> **Saved entries**:
[Start of section]
Lemma bone_shape_simple_arc B P : bone_shape B P -> simple_arc B (P 0%nat) (P 3%nat).
Proof.
  intros [Hhv HB]; destruct (hv_path_simple_arc P Hhv) as [g1 [g2 (Hc & Hi & Him & H0 & H3)]].
  exists g1, g2; split; [exact Hc | split; [exact Hi | split; [| split; [exact H0 | exact H3]]]].
  intros z; rewrite HB; apply Him.
Qed.

(** * Intersections of a minus bone with a plus bone *)

Lemma three_way x l h : x <> l -> x <> h -> l < h -> x < l \/ l < x < h \/ h < x.
Proof. intros; destruct (Rlt_dec x l); [| destruct (Rlt_dec x h)]; lra. Qed.

Section MinusMeetsPlus.
Variables (B1 B2 : R * R -> Prop) (a1 a2 b c1 c2 d : R).
Hypothesis B1_U : forall q, B1 q <-> U_set a1 a2 b q.
Hypothesis B2_U : forall q, B2 q <-> U_set c1 c2 d (psi q).
Hypothesis a_bounds : 0 <= a1 < a2 /\ a2 < 1.
Hypothesis b_bounds : 0 < b < 1.
Hypothesis c_bounds : 0 <= c1 < c2 /\ c2 < 1.
Hypothesis d_bounds : 0 < d < 1.
Hypothesis a1_ne : a1 <> 1 - d.
Hypothesis a2_ne : a2 <> 1 - d.
Hypothesis c1_ne : b <> 1 - c1.
Hypothesis c2_ne : b <> 1 - c2.

Local Notation P := (U_path a1 a2 b).
Local Notation Q := (fun i => psi (U_path c1 c2 d i)).

(* Legs meet legs at [(a_i, 1 - c_j)]; the horizontal edges can only meet at [(1 - d, b)];
   all other contacts are ruled out by the non-degeneracy hypotheses. *)
Lemma meet_iff q : B1 q /\ B2 q <->
  ((fst q = a1 \/ fst q = a2) /\ (snd q = 1 - c1 \/ snd q = 1 - c2) /\ 1 - d < fst q /\ snd q < b) \/
  (q = (1 - d, b) /\ a1 < 1 - d < a2 /\ 1 - c2 < b < 1 - c1).
Proof.
  rewrite B1_U, B2_U; destruct q as [x y]; unfold U_set, between, psi; simpl.
  rewrite pair_equal_spec; intuition lra.
Qed.

Lemma leg_crossing x y : (x = a1 \/ x = a2) -> (y = 1 - c1 \/ y = 1 - c2) -> 1 - d < x -> y < b ->
  transversal_crossing P Q (x, y).
Proof.
  intros Hx Hy Hdx Hyb.
  assert (HP : exists i, (i = 0 \/ i = 2)%nat /\ open_seg (P i) (P (S i)) (x, y)).
  { destruct Hx as [-> | ->]; [exists 0%nat | exists 2%nat]; (split; [auto |]); simpl;
      apply open_seg_vertical; unfold strictly_between; simpl; lra. }
  assert (HQ : exists j, (j = 0 \/ j = 2)%nat /\ open_seg (Q j) (Q (S j)) (x, y)).
  { destruct Hy as [-> | ->]; [exists 0%nat | exists 2%nat]; (split; [auto |]); unfold psi; simpl;
      apply open_seg_horizontal; unfold strictly_between; simpl; lra. }
  destruct HP as [i [Hi HPi]], HQ as [j [Hj HQj]].
  exists i, j; split; [lia | split; [lia | split; [exact HPi | split; [exact HQj |]]]].
  unfold horiz, vert, psi; destruct Hi as [-> | ->], Hj as [-> | ->]; simpl; lra.
Qed.

Lemma top_crossing : a1 < 1 - d < a2 -> 1 - c2 < b < 1 - c1 -> transversal_crossing P Q (1 - d, b).
Proof.
  intros Hd Hb; exists 1%nat, 1%nat; split; [lia | split; [lia | split; [| split]]].
  - apply open_seg_horizontal; unfold strictly_between; simpl; lra.
  - unfold psi; simpl; apply open_seg_vertical; unfold strictly_between; simpl; lra.
  - unfold horiz, vert, psi; simpl; split; intros; reflexivity.
Qed.

Ltac nodup_points :=
  repeat (apply NoDup_cons;
          [simpl; intros Hin;
           repeat (destruct Hin as [Hin | Hin]; [apply pair_equal_spec in Hin; lra |]); exact Hin |]);
  apply NoDup_nil.

Ltac meet_point :=
  first [ left; simpl; split; [first [now left | now right] |
                               split; [first [now left | now right] | lra]]
        | right; split; [reflexivity | lra] ].

Ltac crossing_point :=
  first [ apply leg_crossing; first [now left | now right | lra]
        | apply top_crossing; lra ].

Lemma minus_meets_plus : exists n, (n = 0 \/ n = 2 \/ n = 4)%nat /\
  meet_transversally_in B1 B2 P Q n /\
  (a1 < 1 - d < a2 -> 1 - c2 < b < 1 - c1 -> n = 2%nat).
Proof.
  destruct (three_way (1 - d) a1 a2) as [D | [D | D]]; try lra;
  destruct (three_way b (1 - c2) (1 - c1)) as [G | [G | G]]; try lra;
  [ exists 0%nat; split; [auto |]; split; [exists nil |]
  | exists 2%nat; split; [auto |]; split; [exists ((a1, 1 - c2) :: (a2, 1 - c2) :: nil) |]
  | exists 4%nat; split; [auto |]; split;
      [exists ((a1, 1 - c1) :: (a1, 1 - c2) :: (a2, 1 - c1) :: (a2, 1 - c2) :: nil) |]
  | exists 0%nat; split; [auto |]; split; [exists nil |]
  | exists 2%nat; split; [auto |]; split; [exists ((a2, 1 - c2) :: (1 - d, b) :: nil) |]
  | exists 2%nat; split; [auto |]; split; [exists ((a2, 1 - c1) :: (a2, 1 - c2) :: nil) |]
  | exists 0%nat; split; [auto |]; split; [exists nil |]
  | exists 0%nat; split; [auto |]; split; [exists nil |]
  | exists 0%nat; split; [auto |]; split; [exists nil |] ];
  try (intros; first [reflexivity | lra]);
  (split; [nodup_points | split; [reflexivity | split]]).
  all: intros q; first
    [ rewrite meet_iff; split;
      [ intros Hin; repeat (destruct Hin as [<- | Hin]; [meet_point |]); destruct Hin
      | intros [(Hx & Hy & Hdx & Hyb) | (-> & Hd & Hb)];
        [destruct q as [x y]; simpl in *; destruct Hx as [-> | ->], Hy as [-> | ->] |];
        first [solve [simpl; auto 6] | exfalso; lra] ]
    | intros Hin; repeat (destruct Hin as [<- | Hin]; [crossing_point |]); destruct Hin ].
Qed.

End MinusMeetsPlus.

Lemma odd_U_ext B B' a1 a2 b : (forall w, B w <-> B' w) -> odd_U B a1 a2 b -> odd_U B' a1 a2 b.
Proof.
  intros E (H1 & H2 & H3 & H4 & H5 & H6 & HU); repeat (split; [assumption |]).
  intros w; rewrite <- E; apply HU.
Qed.
(* One step of Hoeffding's argument: with a <= mu <= b among the p_i, replacing
   (a, b) by (mu, a + b - mu) keeps the sum and, by [pbinom_expect_cons2_le], does not
   decrease E h. *)
Lemma pbinom_expect_pull_mean ps L mu :
  Forall is_prob ps -> length ps = S L -> sumR ps = INR (S L) * mu ->
  exists rest, Forall is_prob rest /\ length rest = L /\ sumR rest = INR L * mu /\
    forall h, discrete_convex h -> pbinom_expect ps h <= pbinom_expect (mu :: rest) h.
Proof.
  intros Hps Hl Hs.
  assert (Hne : ps <> []) by (intros ->; discriminate).
  destruct (exists_le_mean mu ps Hne) as [a [Ha Ham]]; [rewrite Hl; lra|].
  destruct (in_perm_cons a ps Ha) as [ps1 P1].
  pose proof (Permutation_length P1) as L1; pose proof (sumR_perm _ _ P1) as S1.
  pose proof (Permutation_Forall P1 Hps) as [Fa F1']%Forall_cons_iff.
  assert (L1' : length ps1 = L) by (cbn in L1; lia); clear L1; rewrite sumR_cons in S1; rewrite S_INR, Rmult_plus_distr_r, Rmult_1_l in Hs.
  destruct ps1 as [|b0 ps0].
  - assert (L = 0)%nat as -> by (simpl in L1'; lia).
    assert (a = mu) as -> by (simpl in Hs, S1; lra).
    exists []; repeat split; auto; [simpl; lra|].
    intros h _; rewrite (pbinom_expect_perm _ _ P1); lra.
  - destruct (exists_ge_mean mu (b0 :: ps0)) as [b [Hb Hbm]]; [congruence|rewrite L1'; lra|].
    destruct (in_perm_cons b _ Hb) as [ps2 P2].
    pose proof (Permutation_length P2) as L2; pose proof (sumR_perm _ _ P2) as S2.
    pose proof (Permutation_Forall P2 F1') as [Fb F2']%Forall_cons_iff.
    rewrite sumR_cons in S1; rewrite !sumR_cons in S2; cbn [length] in L1', L2.
    exists ((a + b - mu) :: ps2); rewrite sumR_cons; cbn [length]; repeat split.
    + constructor; [unfold is_prob in *; lra | exact F2'].
    + lia.
    + lra.
    + intros h Hh.
      rewrite (pbinom_expect_perm _ _ (perm_trans P1 (perm_skip a P2))).
      apply pbinom_expect_cons2_le; auto; [ring|nra].
Qed.

Lemma pbinom_expect_le_binom L ps mu h :
  length ps = L -> Forall is_prob ps -> sumR ps = INR L * mu -> discrete_convex h ->
  pbinom_expect ps h <= pbinom_expect (repeat mu L) h.
Proof.
  revert ps h; induction L as [|L IH]; intros ps h Hl Hps Hs Hh.
  - destruct ps; [simpl; lra|discriminate].
  - assert (Hmu : is_prob mu).
    { pose proof (sumR_prob_bounds ps Hps) as B; rewrite Hl, Hs, S_INR in B.
      pose proof (pos_INR L); split; nra. }
    destruct (pbinom_expect_pull_mean ps L mu Hps Hl Hs) as [rest [Hr [Lr [Sr Hle]]]].
    apply (Rle_trans _ _ _ (Hle h Hh)); simpl.
    pose proof (IH rest h Lr Hr Sr Hh).
    pose proof (IH rest (fun k => h (S k)) Lr Hr Sr (fun k => Hh (S k))).
    destruct Hmu; nra.
Qed.

Lemma discrete_convex_chord (V : nat -> R) N :
  (forall j, (j + 2 <= N)%nat -> 2 * V (S j) <= V j + V (S (S j))) ->
  forall j, (j <= N)%nat -> INR N * V j <= INR j * V N + INR (N - j) * V 0%nat.
Proof.
  intros Hc.
  set (U := fun j => V j - V 0%nat).
  (* the slopes U j / j are nondecreasing *)
  assert (Hslope : forall j, (j + 1 <= N)%nat -> INR (S j) * U j <= INR j * U (S j)).
  { induction j as [|j IH]; intros Hj; [unfold U; simpl; lra|].
    pose proof (IH ltac:(lia)); pose proof (Hc j ltac:(lia)); pose proof (pos_INR j).
    unfold U in *; rewrite !S_INR in *; nra. }
  assert (Hend : forall k j, (j + k = N)%nat -> INR N * U j <= INR j * U N).
  { induction k as [|k IH]; intros j Hj; [replace j with N by lia; lra|].
    pose proof (IH (S j) ltac:(lia)); pose proof (Hslope j ltac:(lia)).
    rewrite S_INR in *; pose proof (pos_INR j); pose proof (pos_INR N).
    assert (INR N * (INR j + 1) * U j <= INR j * (INR j + 1) * U N) by nra.
    nra. }
  intros j Hj; pose proof (Hend (N - j)%nat j ltac:(lia)) as H; unfold U in H.
  rewrite minus_INR by lia; nra.
Qed.

(* Write c = t a + (1 - t) b and
   V j = E h for j copies of a and N - j copies of b. By [pbinom_expect_cons2],
   j |-> V j is convex; expanding each copy of c affinely gives a binomial(N, t)
   average of the V j, which is bounded by the chord t V N + (1 - t) V 0. *)
Section BinomConvex.

Variables (a b t : R) (h : nat -> R) (N : nat).
Hypotheses (Hh : discrete_convex h) (Ht : 0 <= t <= 1) (Ha : is_prob a) (Hb : is_prob b).

Let W (i r : nat) : R := pbinom_expect (repeat a i ++ repeat b r) h.
Let V (j : nat) : R := W j (N - j).
(* Let $G=(V,E)$ be a finite, simple, connected, undirected graph with vertices $v_1,\dots,v_n$, adjacency matrix $\mathbf{A}$, degree vector $\mathbf{d}=\mathbf{A}\mathbf{1}$, degree matrix $\mathbf{D}=\mathrm{diag}(\mathbf{d})$, and lazy random walk matrix $\mathbf{P}=\tfrac12(\mathbf{I}+\mathbf{A}\mathbf{D}^{-1})$. Fix a vertex $v\in V$, a non-negative signal $\mathbf{x}\in\mathbb{R}^n$ (all entries $\ge 0$), a constant $c>1$, a positive integer $N$, and $\epsilon>0$. Then there exists $K\in\mathbb{N}$ such that the following holds. Let $\mathcal{F}=\mathcal{F}_{\mathrm{A}}\sqcup\mathcal{F}_{\mathrm{C}}$ be any finite, non-empty filter bank (non-decoupled architecture) in which every aggregation filter $f\in\mathcal{F}_{\mathrm{A}}$ is of the form $F_k(\mathbf{x})=\mathbf{P}^k\mathbf{x}$ with $k\ge K$, every comparison filter $f\in\mathcal{F}_{\mathrm{C}}$ is of the form $F_{k_1,k_2}(\mathbf{x})=(\mathbf{P}^{k_1}-\mathbf{P}^{k_2})\mathbf{x}$ with $k_1\neq k_2$ and $k_1,k_2\ge K$, and $|\mathcal{F}_{\mathrm{C}}|\le N$; write $\mathbf{h}_f=f(\mathbf{x})\in\mathbb{R}^n$. Let $(\bar{\mathbf{s}}_f[v])_{f\in\mathcal{F}}$ be any non-negative attention weights at $v$ such that the representation is $c$-band-dominant at $v$, i.e. $$\max\{\bar{\mathbf{s}}_f[v]: f\in\mathcal{F}_{\mathrm{C}}\}=c\cdot\max\{\bar{\mathbf{s}}_f[v]: f\in\mathcal{F}_{\mathrm{A}}\}.$$ Then $$\sum_{f\in\mathcal{F}_{\mathrm{C}}}\bar{\mathbf{s}}_f[v]\,\mathbf{h}_f[v]\;\le\;\epsilon\, c\sum_{f\in\mathcal{F}_{\mathrm{A}}}\bar{\mathbf{s}}_f[v]\,\mathbf{h}_f[v].$$
   Context: In the ''non-decoupled architecture'' the filter responses are taken without any learned transformation (the map applied after filtering is the identity), and a single set of normalized attention weights $\bar{\mathbf{s}}_f[v]$ (e.g. a softmax over the whole filter bank, hence non-negative) is assigned at each vertex to all filters in $\mathcal{F}=\mathcal{F}_{\mathrm{A}}\sqcup\mathcal{F}_{\mathrm{C}}$. Aggregation filters $F_k$ are low-pass filters and comparison filters $F_{k_1,k_2}$ are band-pass (diffusion-wavelet) filters. For $\mathbf{x}\in\mathbb{R}^n$, $\mathbf{h}_f[v]$ denotes the entry of $\mathbf{h}_f$ at vertex $v$. *)

From HB Require Import structures.
From mathcomp Require Import all_boot all_order all_algebra.
Set Implicit Arguments. Unset Strict Implicit. Unset Printing Implicit Defensive.
Import Order.TTheory GRing.Theory Num.Theory.
Local Open Scope ring_scope.

Definition simple_graph (n : nat) (e : rel 'I_n) : Prop :=
  symmetric e /\ irreflexive e.

Definition connected_graph (n : nat) (e : rel 'I_n) : Prop :=
  forall i j : 'I_n, connect e i j.

Definition adjmx (R : numDomainType) (n : nat) (e : rel 'I_n) : 'M[R]_n :=
  \matrix_(i, j) (e i j)%:R.

Definition degree (R : numDomainType) (n : nat) (e : rel 'I_n) (i : 'I_n) : R :=
  \sum_(j < n) adjmx R e i j.

Definition rwmx (R : numFieldType) (n : nat) (e : rel 'I_n) : 'M[R]_n :=
  \matrix_(i, j) (adjmx R e i j / degree R e j).

Definition lazy_rw (R : numFieldType) (n : nat) (e : rel 'I_n) : 'M[R]_n :=
  2^-1 *: (1%:M + rwmx R e).

Definition agg_resp (R : numFieldType) (n : nat) (e : rel 'I_n)
  (x : 'cV[R]_n) (k : nat) (v : 'I_n) : R :=
  ((lazy_rw R e ^+ k) *m x) v 0.

Definition cmp_resp (R : numFieldType) (n : nat) (e : rel 'I_n)
  (x : 'cV[R]_n) (k1 k2 : nat) (v : 'I_n) : R :=
  ((lazy_rw R e ^+ k1 - lazy_rw R e ^+ k2) *m x) v 0.

(* maximum of a finite family of reals; the empty maximum is 0
   (weights are non-negative) *)
Definition maxw (R : realDomainType) (m : nat) (s : 'I_m -> R) : R :=
  \big[Num.max/0]_(i < m) s i.

From HB Require Import structures.
From mathcomp Require Import all_boot all_order all_algebra.
From mathcomp Require Import reals.
From mathcomp Require Import ring lra.
Import Order.TTheory GRing.Theory Num.Theory.
Set Implicit Arguments. Unset Strict Implicit. Unset Printing Implicit Defensive.
Local Open Scope ring_scope.
Lemma requirement_dense rho : Qdense lt TS tlt (meets_requirement rho).
Proof.
  destruct rho as [[x b]|[x y]]; (split; [intros p [Hp _]; exact Hp|]);
    intros p Hp; destruct (extend_to_u x Hp) as [q [Hq [Hpq Hxq]]].
  - destruct (classic (hlt lt (Some b) (ht x))) as [Hb|Hb].
    + destruct (extend_to_pred Hq Hxq Hb) as [r [Hr [Hqr Hy]]].
      exists r. split; [|exact (Qle_trans Hpq Hqr)].
      split; [exact Hr|split; [exact (Qle_cu Hqr Hxq)|intros _; exact Hy]].
    + exists q. split; [|exact Hpq]. split; [exact Hq|split; [exact Hxq|contradiction]].
  - destruct (classic (TS y)) as [Hy|Hy].
    + destruct (extend_to_v Hq Hy) as [r [Hr [Hqr Hyr]]].
      exists r. split; [|exact (Qle_trans Hpq Hqr)].
      split; [exact Hr|split; [exact (Qle_cu Hqr Hxq)|intros _; exact Hyr]].
    + exists q. split; [|exact Hpq]. split; [exact Hq|split; [exact Hxq|contradiction]].
Qed.

Lemma embeds_requirement : @embeds W requirement.
Proof.
  pose proof (embeds_Pt Hw) as HPt.
  apply (embeds_sum Hw); apply (embeds_prod Hw); auto using embeds_W.
Qed.

End Density.

(** * The generic tree *)

Section Generic.
Context {W : Type} (lt : W -> W -> Prop) (Hw : is_omega1 lt)
  (TS : @Pt W -> Prop) (tlt : @Pt W -> @Pt W -> Prop) (HT : inA lt TS tlt).
Variable G : @cond W -> Prop.
Hypothesis HG : Qfilter lt TS tlt G.
Hypothesis HGreq : forall rho, exists p, G p /\ meets_requirement lt TS tlt rho p.
(* Let $(x_n)$ be generated by (HPPA). Let $\gamma>0$ be real and let ${\rm a},{\rm B},{\rm E}:\mathbb{N}\to\mathbb{N}$ be monotone functions satisfying (Q1), (Q3), (Q4) respectively. Let $\mathcal{E},\mathcal{D},\ell\in\mathbb{N}$ satisfy $\mathcal{E}\geq 1+\sum_{i=0}^{{\rm E}(0)}\|e_i\|$, $\mathcal{D}\geq\|x_0-p\|$ for some $p\in S$, and $\ell\geq\gamma$. Define $\xi(k):=\max\{{\rm a}(2(2\mathcal{D}+\mathcal{E})(k+1)-1),\ {\rm E}(2k+1)+1\}$ and $$\chi_\ell(k):=\max\{\xi(4k+3),\ {\rm B}(8(\mathcal{D}+\mathcal{E})(k+1)\ell-1)\}+1.$$ Then $\forall k\in\mathbb{N}\ \forall n\geq\chi_\ell(k)\ \big(\|x_n-J_\gamma(x_n)\|\leq\frac{1}{k+1}\big)$.
   Context: $X$ is a real Hilbert space, $\mathsf{A}:X\to 2^X$ a maximal monotone operator with zero set $S=\{x:0\in\mathsf{A}(x)\}$, assumed nonempty. For $\beta>0$, $J_\beta:=(Id+\beta\mathsf{A})^{-1}$ is the resolvent, a single-valued nonexpansive map with fixed point set $S$. Given $(\alpha_n)\subset\,]0,1[$, $(\beta_n)\subset(0,\infty)$, $(e_n)\subset X$, $x_0\in X$, (HPPA) is the sequence $x_{n+1}:=\alpha_n x_0+(1-\alpha_n)(J_{\beta_n}(x_n)+e_n)$. (Q1): $\forall k\,\forall n\geq{\rm a}(k)\ \alpha_n\leq\frac{1}{k+1}$. (Q3): $\forall k\,\forall n\geq{\rm B}(k)\ \beta_n\geq k$. (Q4): $\forall k\,\forall n\ \sum_{i={\rm E}(k)+1}^{{\rm E}(k)+n}\|e_i\|\leq\frac{1}{k+1}$. Monotone means nondecreasing. *)

From Stdlib Require Import Reals Lra.
Open Scope R_scope.

Record HilbertSpace := mkHilbert {
  hcar :> Type;
  hzero : hcar;
  hadd : hcar -> hcar -> hcar;
  hopp : hcar -> hcar;
  hscal : R -> hcar -> hcar;
  hinner : hcar -> hcar -> R;
  hadd_assoc : forall x y z, hadd x (hadd y z) = hadd (hadd x y) z;
  hadd_comm : forall x y, hadd x y = hadd y x;
  hadd_zero : forall x, hadd x hzero = x;
  hadd_opp : forall x, hadd x (hopp x) = hzero;
  hscal_assoc : forall a b x, hscal a (hscal b x) = hscal (a * b) x;
  hscal_one : forall x, hscal 1 x = x;
  hscal_addr : forall a x y, hscal a (hadd x y) = hadd (hscal a x) (hscal a y);
  hscal_addl : forall a b x, hscal (a + b) x = hadd (hscal a x) (hscal b x);
  hinner_sym : forall x y, hinner x y = hinner y x;
  hinner_addl : forall x y z, hinner (hadd x y) z = hinner x z + hinner y z;
  hinner_scall : forall a x y, hinner (hscal a x) y = a * hinner x y;
  hinner_pos : forall x, 0 <= hinner x x;
  hinner_def : forall x, hinner x x = 0 -> x = hzero;
  hcomplete : forall u : nat -> hcar,
    (forall eps, 0 < eps -> exists N, forall m n, (N <= m)%nat -> (N <= n)%nat ->
        sqrt (hinner (hadd (u m) (hopp (u n))) (hadd (u m) (hopp (u n)))) < eps) ->
    exists l, forall eps, 0 < eps -> exists N, forall n, (N <= n)%nat ->
        sqrt (hinner (hadd (u n) (hopp l)) (hadd (u n) (hopp l))) < eps
}.

Arguments hzero {h}.
Arguments hadd {h}.
Arguments hopp {h}.
Arguments hscal {h}.
Arguments hinner {h}.

Definition hsub {X : HilbertSpace} (x y : X) : X := hadd x (hopp y).
Definition hnorm {X : HilbertSpace} (x : X) : R := sqrt (hinner x x).

(* A set-valued operator A : X -> 2^X is represented by its graph: A x u means u ∈ A(x). *)
Definition monotone_op {X : HilbertSpace} (A : X -> X -> Prop) : Prop :=
  forall x y u v, A x u -> A y v -> 0 <= hinner (hsub x y) (hsub u v).

Definition maximal_monotone {X : HilbertSpace} (A : X -> X -> Prop) : Prop :=
  monotone_op A /\
  forall x u, (forall y v, A y v -> 0 <= hinner (hsub x y) (hsub u v)) -> A x u.

(* J is the resolvent family of A: J β x = (Id + βA)^{-1} x, i.e. x ∈ J β x + β A(J β x),
   equivalently (1/β)(x - J β x) ∈ A (J β x). *)
Definition is_resolvent {X : HilbertSpace} (A : X -> X -> Prop) (J : R -> X -> X) : Prop :=
  forall beta x, 0 < beta -> A (J beta x) (hscal (/ beta) (hsub x (J beta x))).

Fixpoint sumR (f : nat -> R) (n : nat) : R :=
  match n with
  | O => 0
  | S m => sumR f m + f m
  end.

Definition monotone_nat (f : nat -> nat) : Prop := forall m n, (m <= n)%nat -> (f m <= f n)%nat.

(* Put y_m := J_{β_m} x_m.  One step of (HPPA) gives ‖x_{m+1} - y_m‖ <= α_m ‖x_0 - y_m‖ + ‖e_m‖,
   and monotonicity of A at the two resolvent points gives
   ‖y_m - J_γ y_m‖ <= (γ/β_m) ‖x_m - y_m‖.  As J_γ is nonexpansive,
   ‖x_{m+1} - J_γ x_{m+1}‖ <= 2 ‖x_{m+1} - y_m‖ + ‖y_m - J_γ y_m‖.
   Since J_β fixes every zero p of A, all distances to p stay below
   ‖x_0 - p‖ + Σ ‖e_i‖ <= 𝒟 + ℰ, so past χ_ℓ(k) the conditions (Q1), (Q4) and (Q3) make the
   three contributions at most 1/(4(k+1)), 1/(4(k+1)) and 1/(2(k+1)). *)

From Stdlib Require Import Reals Lra Lia.
Open Scope R_scope.

Section InnerProduct.
Context {X : HilbertSpace}.
Implicit Types (x y z : X).

Lemma hinner_0l y : hinner hzero y = 0.
Proof. pose proof (hinner_addl X hzero hzero y) as H; rewrite hadd_zero in H; lra. Qed.

Lemma hinner_0r y : hinner y hzero = 0.
Proof. rewrite hinner_sym; apply hinner_0l. Qed.

Lemma hinner_addr x y z : hinner z (hadd x y) = hinner z x + hinner z y.
Proof. rewrite !(hinner_sym _ z); apply hinner_addl. Qed.

Lemma hinner_oppl x y : hinner (hopp x) y = - hinner x y.
Proof. pose proof (hinner_addl X x (hopp x) y) as H; rewrite hadd_opp, hinner_0l in H; lra. Qed.
(* Let $F$ be a topological hyperfield and $*\in\{s,w\}$. Let $M$ be a rank $r$ matroid on a finite set $E$ such that $\operatorname{Real}^*_F(M)\ne\emptyset$, and let $A\subseteq E$ have $r+1$ elements. Let $\tilde\varphi:A^r\to F$ be an alternating function that is nonzero exactly on the ordered bases of $M$ contained in $A$. Then there is a Grassmann–Plücker function $\varphi:E^r\to F$ of the appropriate type ($*$) that extends $\tilde\varphi$ and satisfies $[\varphi]\in\operatorname{Real}^*_F(M)$.
   Context: Hyperfields. A hyperfield $(F,\odot,\boxplus,1,0)$ has the following data and axioms. - $\odot$ is a commutative multiplication and $\boxplus$ is a hyperaddition assigning to each $x,y$ a nonempty subset $x\boxplus y\subseteq F$ (extended to subsets by unions). - $\boxplus$ is commutative and associative, and $x\boxplus 0=\{x\}$. - Each $x$ has a unique $-x$ with $0\in x\boxplus(-x)$, and $x\in y\boxplus z \iff z\in x\boxplus(-y)$. - $(F\setminus\{0\},\odot,1)$ is an abelian group $F^\times$, $0\odot x=0$, and $x\odot(y\boxplus z)=(x\odot y)\boxplus(x\odot z)$. A topological hyperfield is a hyperfield with a topology in which $F\setminus\{0\}$ is open, multiplication is continuous, and inversion on $F^\times$ is continuous. Grassmannians. A function $\varphi:E^r\to F$ is alternating if permuting arguments by $\sigma$ multiplies the value by $\operatorname{sign}\sigma$. A strong Grassmann–Plücker (GP) function of rank $r$ on $E$ is a function $\varphi:E^r\to F$ with the following properties. - $\varphi$ is not identically $0$. - $\varphi$ is alternating. - For all $(i_1,\dots,i_{r+1})\in E^{r+1}$ and $(j_1,\dots,j_{r-1})\in E^{r-1}$: $$0\in\boxplus_{k=1}^{r+1}(-1)^k\varphi(i_1,\dots,\widehat{i_k},\dots,i_{r+1})\odot\varphi(i_k,j_1,\dots,j_{r-1}).$$ A weak GP function is a function $\varphi:E^r\to F$ with the following properties. - $\varphi$ is nonzero and alternating. - Its support is the set of bases of a matroid. - The relation holds when $|\{i\}\setminus\{j\}|=3$. $\operatorname{Gr}^*(r,F^E)$ is the set of strong ($*=s$) or weak ($*=w$) GP functions modulo $\varphi\sim\alpha\varphi$, $\alpha\in F^\times$. Realization spaces. For a matroid $M$ on $E$ of rank $r$, $\operatorname{Real}^*_F(M)$ is the set of $[\varphi]\in\operatorname{Gr}^*(r,F^E)$ such that $\varphi$ is nonzero exactly on the ordered bases of $M$. An ordered basis is an $r$-tuple of distinct elements whose underlying set is a basis. *)

From HB Require Import structures.
From mathcomp Require Import all_boot all_order all_fingroup.
Set Implicit Arguments. Unset Strict Implicit. Unset Printing Implicit Defensive.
[End of section]
> **Brief**: Please copy the lines in the records above between the one holding "Hypothesis B1_U : forall" and the one holding "Local Notation Q", inclusive, exactly and with no other line.

> **Output below**:
Hypothesis B1_U : forall q, B1 q <-> U_set a1 a2 b q.
Hypothesis B2_U : forall q, B2 q <-> U_set c1 c2 d (psi q).
Hypothesis a_bounds : 0 <= a1 < a2 /\ a2 < 1.
Hypothesis b_bounds : 0 < b < 1.
Hypothesis c_bounds : 0 <= c1 < c2 /\ c2 < 1.
Hypothesis d_bounds : 0 < d < 1.
Hypothesis a1_ne : a1 <> 1 - d.
Hypothesis a2_ne : a2 <> 1 - d.
Hypothesis c1_ne : b <> 1 - c1.
Hypothesis c2_ne : b <> 1 - c2.

Local Notation P := (U_path a1 a2 b).
Local Notation Q := (fun i => psi (U_path c1 c2 d i)).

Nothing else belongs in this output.